Restorative Justice Processes in Rape Cases and Sexual Violence Matters: What the hell?

 

I conduct restorative and non-adversarial processes in rape cases and sexual violence matters. Without sufficient information on this you may be offended.

So here is why I do this (and also teach others to conduct Restorative Processes):

Some statistics I have seen tend to show that of the matters reported that actually proceed to prosecution, around 1 in 100 accused persons in sexual violence and rape matters are convicted.

From discussions I have with investigating officers and prosecutors, it may be that less than 1 in 100 are successfully convicted.

In addition to the above, I have seen statistics that only around 1 out of 9 matters of rape and/or sexual violence are even reported.

So if you actually do the maths on that, knowing that rape and sexual violence are prevalent, the numbers of those who commit these crimes and are actually held accountable are very, very low.

One of the reasons that the statistics are so bad is that the Criminal Justice system is just not the best system to deal with these matters. Victims are subjected to having to relive their trauma over and over and the Defence’s right to robustly test the state’s version, means that the victim experiences being implicated in his or her own rape or abuse which is simply beyond what most human beings can actually bear.

The victim in a rape or sexual violence matter is not an actual party to the process but is merely a witness for the state. The state (prosecution) bears the onus of proving that the rape or abuse happened. It also carries the burden of proof. The onus is about who must prove and the burden is about how much must be proved. In a criminal matter the burden is on the state to prove the matter beyond a reasonable doubt. This means that if the defence for the accused is able to raise a reasonable doubt (and only where the prosecution has made out a prima facie case), then the court is obliged to give the accused the benefit of the doubt and he or she must be acquitted.
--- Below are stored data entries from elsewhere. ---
Definition row_interior (A : 'M[R]_(m.+1, n.+1)) : Prop :=
  row_feasible A /\ forall i j, 0 < Om i j -> 0 < A (ri i) (cj j).

Definition inner_support (B : 'M[R]_(m.+1, n.+1)) : Prop :=
  forall i j, [/\ 0 <= B (ri i) (cj j), Om i j <= 0 -> B (ri i) (cj j) = 0
                & 0 < Om i j -> 0 < B (ri i) (cj j)].

Lemma row_affine_corner A : row_affine A ->
  forall i, A (ri i) ord0 = if [exists j, 0 < Om i j] then 0 else a i.
Proof.
case=> row_sum _ zero_neg zero_corner i.
case: ifPn => [/existsP [j Om_ij] | /existsPn no_pos].
  by apply: zero_corner; exists j.
rewrite row_sum big_ord_recl big1 ?addr0 // => j _.
by apply: zero_neg; rewrite leNgt no_pos.
Qed.

Lemma row_affine_inner_sum A : row_affine A ->
  forall i, \sum_j A (ri i) (cj j) = if [exists j, 0 < Om i j] then a i else 0.
Proof.
move=> hA i; have [row_sum _ _ _] := hA.
have := row_sum i; rewrite big_ord_recl (row_affine_corner hA).
by case: ifP => _; lra.
Qed.

Lemma row_affine_combination k (p : 'I_k -> 'M[R]_(m.+1, n.+1)) (w : 'I_k -> R) :
  \sum_l w l = 1 -> (forall l, row_affine (p l)) -> row_affine (\sum_l w l *: p l).
Proof.
move=> w_sum hp.
have entry i j : (\sum_l w l *: p l) i j = \sum_l w l * p l i j.
  by rewrite summxE; apply: eq_bigr => l _; rewrite mxE.
have comb0 i j : (forall l, p l i j = 0) -> (\sum_l w l *: p l) i j = 0.
  by move=> h; rewrite entry big1 // => l _; rewrite h mulr0.
split.
- move=> i; under eq_bigr do rewrite entry.
  rewrite exchange_big /= -[LHS]mul1r -w_sum mulr_suml.
  apply: eq_bigr => l _; have [row_sum _ _ _] := hp l.
  by rewrite row_sum mulr_sumr.
- by move=> j; apply: comb0 => l; case: (hp l).
- move=> i j Om_le0; apply: comb0 => l.
  by case: (hp l) => _ _ zero_neg _; apply: zero_neg.
- move=> i pos; apply: comb0 => l.
  by case: (hp l) => _ _ _ zero_corner; apply: zero_corner.
Qed.

Lemma row_feasible_of_inner A : (forall i, 0 <= a i) -> row_affine A ->
  (forall i j, 0 < Om i j -> 0 <= A (ri i) (cj j)) -> row_feasible A.
Proof.
move=> a_ge0 hA inner_ge0; split=> // i j; have [_ row0 zero_neg _] := hA.
case: (unliftP ord0 i) => [i'|] ->; last by rewrite row0.
case: (unliftP ord0 j) => [j'|] ->.
  by case: (leP (Om i' j') 0) => Om_ij; [rewrite (zero_neg i' j') | apply: inner_ge0].
by rewrite (row_affine_corner hA); case: ifP.
Qed.

Lemma row_interior_open A : (forall i, 0 <= a i) -> row_interior A ->
  exists2 e : R, 0 < e & forall Y, row_affine Y ->
    (forall i j, `|Y i j - A i j| < e) -> row_feasible Y.
Proof.
move=> a_ge0 [_ A_pos].
pose f (t : 'I_m * 'I_n) := if 0 < Om t.1 t.2 then A (ri t.1) (cj t.2) else 1.
have [e e_gt0 e_le] : exists2 e, 0 < e & forall t, e <= f t.
  by apply: exists_pos_lbound => -[i j]; rewrite /f /=; case: ifP => // /A_pos.
exists e => // Y hY near_A; apply: row_feasible_of_inner => // i j Om_ij.
have := e_le (i, j); rewrite /f /= Om_ij => e_le_A.
have := near_A (ri i) (cj j); rewrite ltr_distl => /andP [lo _]; lra.
Qed.

Lemma row_interior_extend A A' s : 0 < s -> row_feasible A -> row_interior A' ->
  row_feasible ((1 + s) *: A - s *: A') -> row_interior A.
Proof.
move=> s_gt0 hA [_ A'_pos] [ext_ge0 _]; split=> // i j Om_ij.
have := ext_ge0 (ri i) (cj j); rewrite !mxE => ext_ij.
have := mulr_gt0 s_gt0 (A'_pos i j Om_ij) => sA'_gt0.
have s1_gt0 : 0 < 1 + s by lra.
by rewrite -(pmulr_rgt0 _ s1_gt0); lra.
Qed.

Lemma row_interior_support A : row_interior A -> inner_support A.
Proof.
by case=> -[A_ge0 [_ _ zero_neg _]] A_pos i j; split; [ | exact: zero_neg | exact: A_pos].
Qed.

Section BestReply.
Variable B : 'M[R]_(m.+1, n.+1).
Hypotheses (a_gt0 : forall i, 0 < a i) (B_supp : inner_support B).

Definition row_mass i := \sum_k B (ri i) (cj k) * Om i k ^+ 2.

Definition best_reply i j :=
  if 0 < row_mass i then a i * B (ri i) (cj j) * Om i j ^+ 2 / row_mass i else 0.

(* The value on a row of zero mass is irrelevant: all its weights vanish. *)
Definition row_scale i := if 0 < row_mass i then Num.sqrt (a i / row_mass i) else 1.

Definition sqrt_weight i j := Num.sqrt (B (ri i) (cj j)) * Om i j.

Let B_ge0 i j : 0 <= B (ri i) (cj j). Proof. by case: (B_supp i j). Qed.

Lemma row_mass_ge0 i : 0 <= row_mass i.
Proof. by apply: sumr_ge0 => k _; rewrite mulr_ge0 ?sqr_ge0. Qed.

Lemma row_mass_gt0 i j : 0 < Om i j -> 0 < row_mass i.
Proof.
move=> Om_ij; have [_ _ /(_ Om_ij) B_ij] := B_supp i j.
rewrite /row_mass (bigD1 j) //=.
have rest_ge0 : 0 <= \sum_(k | k != j) B (ri i) (cj k) * Om i k ^+ 2.
  by apply: sumr_ge0 => k _; rewrite mulr_ge0 ?sqr_ge0.
have : 0 < B (ri i) (cj j) * Om i j ^+ 2 by rewrite mulr_gt0 ?exprn_gt0.
lra.
Qed.

Lemma best_reply_ge0 i j : 0 <= best_reply i j.
Proof.
rewrite /best_reply; case: ifP => // mass_gt0.
rewrite divr_ge0 ?(ltW mass_gt0) // mulr_ge0 ?sqr_ge0 //.
by rewrite mulr_ge0 ?B_ge0 ?(ltW (a_gt0 i)).
Qed.

Lemma best_reply_eq0 i j : Om i j <= 0 -> best_reply i j = 0.
Proof.
case: (B_supp i j) => _ zero_neg _ /zero_neg B_ij.
by rewrite /best_reply B_ij !(mulr0, mul0r) if_same.
Qed.

Lemma best_reply_gt0 i j : 0 < Om i j -> 0 < best_reply i j.
Proof.
move=> Om_ij; have [_ _ /(_ Om_ij) B_ij] := B_supp i j.
have mass_gt0 := row_mass_gt0 Om_ij.
by rewrite /best_reply mass_gt0 divr_gt0 ?mulr_gt0 ?exprn_gt0.
Qed.

Lemma best_reply_sum i :
  \sum_j best_reply i j = if [exists j, 0 < Om i j] then a i else 0.
Proof.
case: ifPn => [/existsP [j Om_ij] | /existsPn no_pos].
  have mass_gt0 := row_mass_gt0 Om_ij.
  transitivity (\sum_j a i / row_mass i * (B (ri i) (cj j) * Om i j ^+ 2)).
    by apply: eq_bigr => k _; rewrite /best_reply mass_gt0; ring.
  by rewrite -mulr_sumr -/(row_mass i) divfK ?gt_eqF.
by apply: big1 => j _; apply: best_reply_eq0; rewrite leNgt no_pos.
Qed.

Lemma row_scale_gt0 i : 0 < row_scale i.
Proof. by rewrite /row_scale; case: ifP => // mass_gt0; rewrite sqrtr_gt0 divr_gt0. Qed.

Lemma sqrt_weight_ge0 i j : 0 <= sqrt_weight i j.
Proof.
rewrite /sqrt_weight; case: (leP (Om i j) 0) => Om_ij.
  by case: (B_supp i j) => _ /(_ Om_ij) -> _; rewrite sqrtr0 mul0r.
by rewrite mulr_ge0 ?sqrtr_ge0 ?ltW.
Qed.

Lemma best_replyE i j : best_reply i j = (row_scale i * sqrt_weight i j) ^+ 2.
Proof.
rewrite /best_reply /row_scale /sqrt_weight !exprMn; case: ifPn => mass_gt0.
  by rewrite !sqr_sqrtr ?B_ge0 ?divr_ge0 ?(ltW mass_gt0) ?(ltW (a_gt0 i)) //; ring.
have mass0 : row_mass i = 0 by apply/eqP; rewrite eq_le row_mass_ge0 leNgt mass_gt0.
have := psumr_eq0P (fun k _ => mulr_ge0 (B_ge0 i k) (sqr_ge0 (Om i k))) mass0 isT.
by rewrite expr1n mul1r sqr_sqrtr // => ->.
Qed.

Lemma sqrt_best_reply i j : Num.sqrt (best_reply i j) = row_scale i * sqrt_weight i j.
Proof.
rewrite best_replyE sqrtr_sqr ger0_norm //.
by rewrite mulr_ge0 ?sqrt_weight_ge0 ?ltW ?row_scale_gt0.
Qed.

End BestReply.

Lemma T1_inner P i j : (T1 a Om P).1 (ri i) (cj j) = best_reply P.2 i j.
Proof. by rewrite /= mxE /ri /cj !liftK. Qed.

Lemma T1_row0 P j : (T1 a Om P).1 ord0 j = P.1 ord0 j.
Proof. by rewrite /= mxE unlift_none. Qed.

Lemma T1_col0 P i : (T1 a Om P).1 i ord0 = P.1 i ord0.
Proof. by rewrite /= mxE unlift_none; case: unlift. Qed.

Lemma T1_row_interior P : (forall i, 0 < a i) -> row_feasible P.1 ->
  inner_support P.2 -> row_interior (T1 a Om P).1.
Proof.
move=> a_gt0 [A_ge0 hA] B_supp; have [_ row0 _ zero_corner] := hA.
split; [split; [|split] |].
- move=> i j; case: (unliftP ord0 i) => [i'|] ->; last by rewrite T1_row0.
  case: (unliftP ord0 j) => [j'|] ->; last by rewrite T1_col0.
  by rewrite (T1_inner P i' j') best_reply_ge0.
- move=> i; rewrite big_ord_recl T1_col0 (row_affine_corner hA).
  under eq_bigr do rewrite T1_inner.
  by rewrite best_reply_sum //; case: ifP; rewrite ?add0r ?addr0.
- by move=> j; rewrite T1_row0.
- by move=> i j Om_ij; rewrite T1_inner best_reply_eq0.
- by move=> i pos; rewrite T1_col0 zero_corner.
- by move=> i j Om_ij; rewrite T1_inner best_reply_gt0.
Qed.

Lemma exists_row_interior A : (forall i, 0 < a i) -> row_feasible A ->
  exists A', row_interior A'.
Proof.
move=> a_gt0 hA.
pose S : 'M[R]_(m.+1, n.+1) := \matrix_(i, j)
  match unlift ord0 i, unlift ord0 j with
  | Some i', Some j' => if 0 < Om i' j' then 1 else 0
  | _, _ => 0
  end.
have S_supp : inner_support S.
  move=> i j; rewrite mxE /ri /cj !liftK.
  case: ifPn => Om_ij; split=> //; rewrite ?ler01 ?ltr01 // => Om_le0.
  by move: Om_ij; rewrite ltNge Om_le0.
by exists (T1 a Om (A, S)).1; apply: T1_row_interior.
Qed.

Lemma Fobj_T1_leif P A : (forall i, 0 < a i) -> row_feasible P.1 ->
    inner_support P.2 -> row_feasible A ->
  Fobj Om (A, P.2) <= Fobj Om (T1 a Om P) ?= iff (A == (T1 a Om P).1).
Proof.
move=> a_gt0 hP1 B_supp [A_ge0 hA].
have [[T_ge0 hT] _] := T1_row_interior a_gt0 hP1 B_supp.
set c := row_scale P.2; set q := sqrt_weight P.2.
have sqrtT i j : Num.sqrt ((T1 a Om P).1 (ri i) (cj j)) = c i * q i j.
  by rewrite T1_inner sqrt_best_reply.
have -> : Fobj Om (A, P.2) = \sum_i \sum_j Num.sqrt (A (ri i) (cj j)) * q i j.
  by apply: eq_bigr => i _; apply: eq_bigr => j _; rewrite /= sqrtrM // mulrA.
have -> : Fobj Om (T1 a Om P) = \sum_i c i * \sum_j q i j ^+ 2.
  apply: eq_bigr => i _; rewrite mulr_sumr; apply: eq_bigr => j _.
  by rewrite sqrtrM ?T_ge0 // -mulrA sqrtT -mulrA expr2.
have -> : (A == (T1 a Om P).1) =
    [forall i, [forall j, Num.sqrt (A (ri i) (cj j)) == c i * q i j]].
  apply/eqP/forallP => [-> i | same]; first by apply/forallP => j; rewrite sqrtT.
  apply/matrixP => i j; case: (unliftP ord0 i) => [i'|] ->; last first.
    by rewrite T1_row0; case: hA => _ -> _ _; case: hP1 => _ [_ -> _ _].
  case: (unliftP ord0 j) => [j'|] ->; last first.
    by rewrite T1_col0 (row_affine_corner hA) (row_affine_corner hP1.2).
  have /forallP/(_ j') := same i'.
  by rewrite -sqrtT eqr_sqrt // => /eqP.
apply: leif_sum => i _; apply: sum_sqrt_mul_leif => //; first exact: row_scale_gt0.
rewrite (row_affine_inner_sum hA) -(row_affine_inner_sum hT).
by apply: eq_bigr => j _; rewrite T1_inner best_replyE.
Qed.

End RowProblem.

Section Interior.
Variables (R : rcfType) (m n : nat) (a : 'I_m -> R) (b : 'I_n -> R) (Om : 'M[R]_(m, n)).
Hypotheses (a_gt0 : forall i, 0 < a i) (b_gt0 : forall j, 0 < b j).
This is further complicated by the artificial rules of evidence that allow for tactical exclusion of evidence primarily on the basis of relevance. Facts that a court deals with are often so clinically distilled through evidentiary rules that the truth may have been massacred in the process. Not only can this mute or brutalize the narrative of the opposing side but it can lead to significant delays that can impact on the process leading to non-availability of witnesses, dilution of fair trial rights and all kinds of things that can complicate the process and even frustrate the process entirely.
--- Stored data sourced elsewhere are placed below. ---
Lemma sum_prod3_marginal (I : finType) (X Y Z : I -> finType)
    (F g : forall i, X i -> Y i -> Z i -> R) (i0 : I) :
  (forall i, i != i0 -> \sum_x \sum_y \sum_z F i x y z = 1) ->
  \sum_(x : {dffun forall i, X i}) \sum_(y : {dffun forall i, Y i})
    \sum_(z : {dffun forall i, Z i})
      g i0 (x i0) (y i0) (z i0) * \prod_i F i (x i) (y i) (z i)
  = \sum_x \sum_y \sum_z g i0 x y z * F i0 x y z.
Proof.
move=> F1.
pose G i x y z := F i x y z * (if i == i0 then g i x y z else 1).
have split_g x y z : g i0 (x i0) (y i0) (z i0) * \prod_i F i (x i) (y i) (z i)
    = \prod_i G i (x i) (y i) (z i).
  rewrite /G big_split /= mulrC; congr (_ * _).
  by rewrite (bigD1 i0) //= eqxx big1 ?mulr1 // => i /negbTE ->.
under eq_bigr => x _ do under eq_bigr => y _ do under eq_bigr => z _ do rewrite split_g.
under eq_bigr => x _ do under eq_bigr => y _ do rewrite (sum_dffun_prod (fun i => G i (x i) (y i))).
under eq_bigr => x _ do rewrite (sum_dffun_prod (fun i yi => \sum_z G i (x i) yi z)).
rewrite (sum_dffun_prod (fun i xi => \sum_y \sum_z G i xi y z)) (bigD1 i0) //=.
rewrite [X in _ * X]big1 ?mulr1 => [|i ne]; rewrite /G.
  rewrite eqxx; apply: eq_bigr => x _; apply: eq_bigr => y _.
  by apply: eq_bigr => z _; rewrite mulrC.
rewrite (negbTE ne) -[RHS](F1 i ne); apply: eq_bigr => x _; apply: eq_bigr => y _.
by apply: eq_bigr => z _; rewrite mulr1.
Qed.

Lemma le_sum_term (X : finType) (f : X -> R) x0 :
  (forall x, 0 <= f x) -> f x0 <= \sum_x f x.
Proof. by move=> f_ge0; rewrite (bigD1 x0) //= lerDl sumr_ge0. Qed.

Lemma point_mass (X : finType) (f : X -> R) x0 : (forall x, 0 <= f x) ->
  \sum_x f x = 1 -> f x0 = 1 -> forall x, f x = (x == x0)%:R.
Proof.
move=> f_ge0 f_sum1 f_x0 x; case: (eqVneq x x0) => [->|ne] //.
have rest0 : \sum_(y | y != x0) f y = 0.
  by move: f_sum1; rewrite (bigD1 x0) //= f_x0 => /(canRL (addKr 1)); rewrite addNr.
exact: (psumr_eq0P (fun y _ => f_ge0 y) rest0).
Qed.

Lemma sum_mul_point_mass (X : finType) (g : X -> R) x0 :
  \sum_x g x * (x == x0)%:R = g x0.
Proof.
by rewrite (bigD1 x0) //= eqxx mulr1 big1 ?addr0 // => x /negbTE ->; rewrite mulr0.
Qed.

Lemma prod_unit_interval_eq1 (I : finType) (f : I -> R) :
  (forall i, 0 <= f i <= 1) -> \prod_i f i = 1 -> forall i, f i = 1.
Proof.
move=> f01 prod1 i; apply: le_anti; have /andP[f0 ->] := f01 i.
rewrite -prod1 (bigD1 i) //=; apply: ler_piMr => //.
by apply: prodr_ile1 => j _; exact: f01.
Qed.

Lemma nonzero_term_of_sum1 (X : finType) (f : X -> R) :
  \sum_x f x = 1 -> exists x, f x != 0.
Proof.
move=> sum1; case: (pickP (fun x => f x != 0)) => [x nz|all0]; first by exists x.
move: sum1; rewrite big1 => [/eqP|x _]; first by rewrite eq_sym oner_eq0.
by apply/eqP; exact: negbFE (all0 x).
Qed.

Lemma convex_comb_le_max (X : finType) (w f : X -> R) :
  (forall x, 0 <= w x) -> \sum_x w x = 1 ->
  exists x0, \sum_x w x * f x <= f x0.
Proof.
move=> w_ge0 w_sum1; have [x0 _] := nonzero_term_of_sum1 w_sum1.
exists [arg max_(x > x0) f x]%O.
case: (Order.TotalTheory.arg_maxP f (i0 := x0) (P := xpredT)) => // y _ y_max.
rewrite -[f y]mul1r -w_sum1 mulr_suml; apply: ler_sum => x _.
by apply: ler_wpM2l => //; exact: y_max.
Qed.
End Sums.

Section PolicyDynamics.
Variable R : realFieldType.
Variables (S O A : finType).
Variables (p0 : S -> R) (pe : S -> O -> R) (pt : S -> A -> S -> R) (rw : S -> A -> S -> R).
Variables (T : nat) (del : nat -> O -> A -> R).
Hypothesis Hpomdp : is_pomdp p0 pe pt.
Hypothesis Hdel : memoryless_policy T del.

Lemma p0_ge0 s : 0 <= p0 s. Proof. by case: Hpomdp => [[]]. Qed.
Lemma p0_sum1 : \sum_s p0 s = 1. Proof. by case: Hpomdp => [[]]. Qed.
Lemma pe_ge0 s o : 0 <= pe s o. Proof. by case: Hpomdp => _ [/(_ s) []]. Qed.
Lemma pe_sum1 s : \sum_o pe s o = 1. Proof. by case: Hpomdp => _ [/(_ s) []]. Qed.
Lemma pt_ge0 s a s' : 0 <= pt s a s'. Proof. by case: Hpomdp => _ [_ /(_ s a) []]. Qed.
Lemma pt_sum1 s a : \sum_s' pt s a s' = 1. Proof. by case: Hpomdp => _ [_ /(_ s a) []]. Qed.
Lemma del_ge0 t : (t < T)%N -> forall o a, 0 <= del t o a.
Proof. by move=> tT o; case: (Hdel tT o). Qed.
Lemma del_sum1 t : (t < T)%N -> forall o, \sum_a del t o a = 1.
Proof. by move=> tT o; case: (Hdel tT o). Qed.

Definition step_weight t s o a s' := pe s o * del t o a * pt s a s'.

(* The forward recursion for the state marginals nu^t_s = P(S_t = s) ... *)
Fixpoint state_marginal (t : nat) : S -> R := fun s' =>
  if t is t'.+1 then
    \sum_s \sum_a (pt s a s' * \sum_o (pe s o * state_marginal t' s * del t' o a))
  else p0 s'.

(* ... and tau^t_{sas'} = P(S_t = s, A_t = a, S_{t+1} = s'). *)
Definition transition_marginal t s a s' :=
  pt s a s' * \sum_o (pe s o * state_marginal t s * del t o a).

Lemma traj_prob_snoc n (s : {ffun 'I_n.+1 -> S}) x (o : {ffun 'I_n -> O}) o' a a' :
  traj_prob p0 pe pt del (snoc s x) (snoc o o') (snoc a a') =
  traj_prob p0 pe pt del s o a * step_weight n (s ord_max) o' a' x.
Proof.
rewrite /traj_prob big_ord_recr /= mulrA snoc_first; congr (_ * _).
  by congr (_ * _); apply: eq_bigr => j _; rewrite !snoc_widen snoc_next.
by rewrite !snoc_widen snoc_next_last !snoc_last.
Qed.

Lemma sum_traj_snoc (V : nmodType) n
    (F : {ffun 'I_n.+2 -> S} -> {ffun 'I_n.+1 -> O} -> {ffun 'I_n.+1 -> A} -> V) :
  \sum_s \sum_o \sum_a F s o a =
  \sum_(s : {ffun 'I_n.+1 -> S}) \sum_(o : {ffun 'I_n -> O}) \sum_(a : {ffun 'I_n -> A})
    \sum_x \sum_o' \sum_a' F (snoc s x) (snoc o o') (snoc a a').
Proof.
rewrite sum_snoc; apply: eq_bigr => s _.
under eq_bigr => x _ do rewrite sum_snoc.
rewrite exchange_big; apply: eq_bigr => o _.
under eq_bigr => x _ do under eq_bigr => o' _ do rewrite sum_snoc.
under eq_bigr => x _ do rewrite exchange_big.
by rewrite exchange_big.
Qed.

Lemma traj_expect_snoc n
    (F : {ffun 'I_n.+2 -> S} -> {ffun 'I_n.+1 -> O} -> {ffun 'I_n.+1 -> A} -> R) :
  \sum_s \sum_o \sum_a traj_prob p0 pe pt del s o a * F s o a =
  \sum_(s : {ffun 'I_n.+1 -> S}) \sum_(o : {ffun 'I_n -> O}) \sum_(a : {ffun 'I_n -> A})
    traj_prob p0 pe pt del s o a *
    \sum_x \sum_o' \sum_a' step_weight n (s ord_max) o' a' x *
                           F (snoc s x) (snoc o o') (snoc a a').
Proof.
rewrite sum_traj_snoc; apply: eq_bigr => s _; apply: eq_bigr => o _; apply: eq_bigr => a _.
rewrite mulr_sumr; apply: eq_bigr => x _; rewrite mulr_sumr; apply: eq_bigr => o' _.
by rewrite mulr_sumr; apply: eq_bigr => a' _; rewrite traj_prob_snoc mulrA.
Qed.

Lemma traj_expect_last n (h : S -> R) :
  \sum_(s : {ffun 'I_n.+1 -> S}) \sum_(o : {ffun 'I_n -> O}) \sum_(a : {ffun 'I_n -> A})
     traj_prob p0 pe pt del s o a * h (s ord_max) = \sum_x state_marginal n x * h x.
Proof.
elim: n h => [|n IH] h.
  rewrite sum_snoc exchange_big; apply: eq_bigr => x _.
  rewrite !(sum_ffun_ord0 _ (ffun0 (card_ord 0))) /traj_prob big_ord0 mulr1.
  have -> : ord0 = ord_max :> 'I_1 by apply: val_inj.
  by rewrite snoc_last.
rewrite traj_expect_snoc.
under eq_bigr => s _ do under eq_bigr => o _ do under eq_bigr => a _ do
  under eq_bigr => x _ do under eq_bigr => o' _ do under eq_bigr => a' _ do
  rewrite snoc_last.
rewrite (IH (fun y => \sum_x \sum_o' \sum_a' step_weight n y o' a' x * h x)) /=.
under eq_bigr => y _ do rewrite mulr_sumr.
under [RHS]eq_bigr => x _ do rewrite mulr_suml.
rewrite exchange_big; apply: eq_bigr => x _; apply: eq_bigr => y _.
rewrite mulr_sumr mulr_suml; under eq_bigr => o _ do rewrite mulr_sumr.
under [RHS]eq_bigr => a _ do rewrite mulr_sumr mulr_suml.
rewrite [RHS]exchange_big; apply: eq_bigr => o _; apply: eq_bigr => a _.
by rewrite /step_weight; ring.
Qed.

Lemma step_weight_sum1 t y : (t < T)%N ->
  \sum_x \sum_o \sum_a step_weight t y o a x = 1.
Proof.
move=> tT; rewrite exchange_big -(pe_sum1 y); apply: eq_bigr => o _.
rewrite exchange_big -[RHS]mulr1 -(del_sum1 tT o) mulr_sumr; apply: eq_bigr => a _.
by rewrite -mulr_sumr pt_sum1 mulr1.
Qed.

Lemma step_weight_average t y (c : R) : (t < T)%N ->
  \sum_x \sum_o \sum_a step_weight t y o a x * c = c.
Proof.
move=> tT; rewrite -[RHS]mul1r -(step_weight_sum1 y tT) mulr_suml.
by apply: eq_bigr => x _; rewrite mulr_suml; apply: eq_bigr => o _; rewrite mulr_suml.
Qed.

Lemma traj_expect_transition n : (n <= T)%N ->
  forall (t : 'I_n) (g : S -> A -> S -> R),
  \sum_(s : {ffun 'I_n.+1 -> S}) \sum_(o : {ffun 'I_n -> O}) \sum_(a : {ffun 'I_n -> A})
     traj_prob p0 pe pt del s o a * g (s (widen_ord (leqnSn n) t)) (a t) (s (lift ord0 t))
  = \sum_x \sum_y \sum_z g x y z * transition_marginal t x y z.
Proof.
elim: n => [|n IH] nT; first by case.
move=> t g; rewrite traj_expect_snoc; case: (unliftP ord_max t) => [j ->|->].
  under eq_bigr => s _ do under eq_bigr => o _ do under eq_bigr => a _ do
    under eq_bigr => x _ do under eq_bigr => o' _ do under eq_bigr => a' _ do
    rewrite -widen_ord_lift_max !snoc_widen snoc_next.
  under eq_bigr => s _ do under eq_bigr => o _ do under eq_bigr => a _ do
    rewrite (step_weight_average _ _ nT).
  rewrite lift_max.
  exact: IH (ltnW nT) j g.
under eq_bigr => s _ do under eq_bigr => o _ do under eq_bigr => a _ do
  under eq_bigr => x _ do under eq_bigr => o' _ do under eq_bigr => a' _ do
  rewrite snoc_widen snoc_next_last !snoc_last.
rewrite (traj_expect_last n (fun y => \sum_x \sum_o' \sum_a' step_weight n y o' a' x * g y a' x)).
apply: eq_bigr => y _; rewrite mulr_sumr.
under eq_bigr => x _ do rewrite mulr_sumr.
under eq_bigr => x _ do under eq_bigr => o _ do rewrite mulr_sumr.
under eq_bigr => x _ do rewrite exchange_big.
rewrite exchange_big; apply: eq_bigr => a _; apply: eq_bigr => x _.
rewrite /transition_marginal !mulr_sumr; apply: eq_bigr => o _.
by rewrite /step_weight; ring.
Qed.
Remember that in rape and sexual violence matters, there may be only two witnesses: the one accused of rape or sexual violence and his or her alleged victim. In many cases there are power dynamics at play that make testimony even more complex and painful. Societal stereotypes that still tend to blame victims for their mode of dress, or for not doing “enough” to ward off the attack and worse, are a real deterrent for victims of rape to come forward to report the matter, let alone be strong enough to survive the kind of cross-questioning that awaits them in court. Even where victims are children and testimony takes place in camera, clever cross examination can easily raise the requisite “reasonable doubt” to dismantle the state case and can contribute to the trauma and scarring of the victim not only not being believed, but also of being made to feel complicit in their own rape or abuse.

Getting to conviction is a harrowing process for the victim and the low numbers of conviction should leave us questioning our bent on getting convictions. We are not achieving them. And we are not achieving them whilst dragging victims through all kinds of hell. That’s the real “What the hell?”

So I am most often contacted by the families of victims who have been exposed to some measure to the criminal justice process and cannot see their way clear to seeing the process through.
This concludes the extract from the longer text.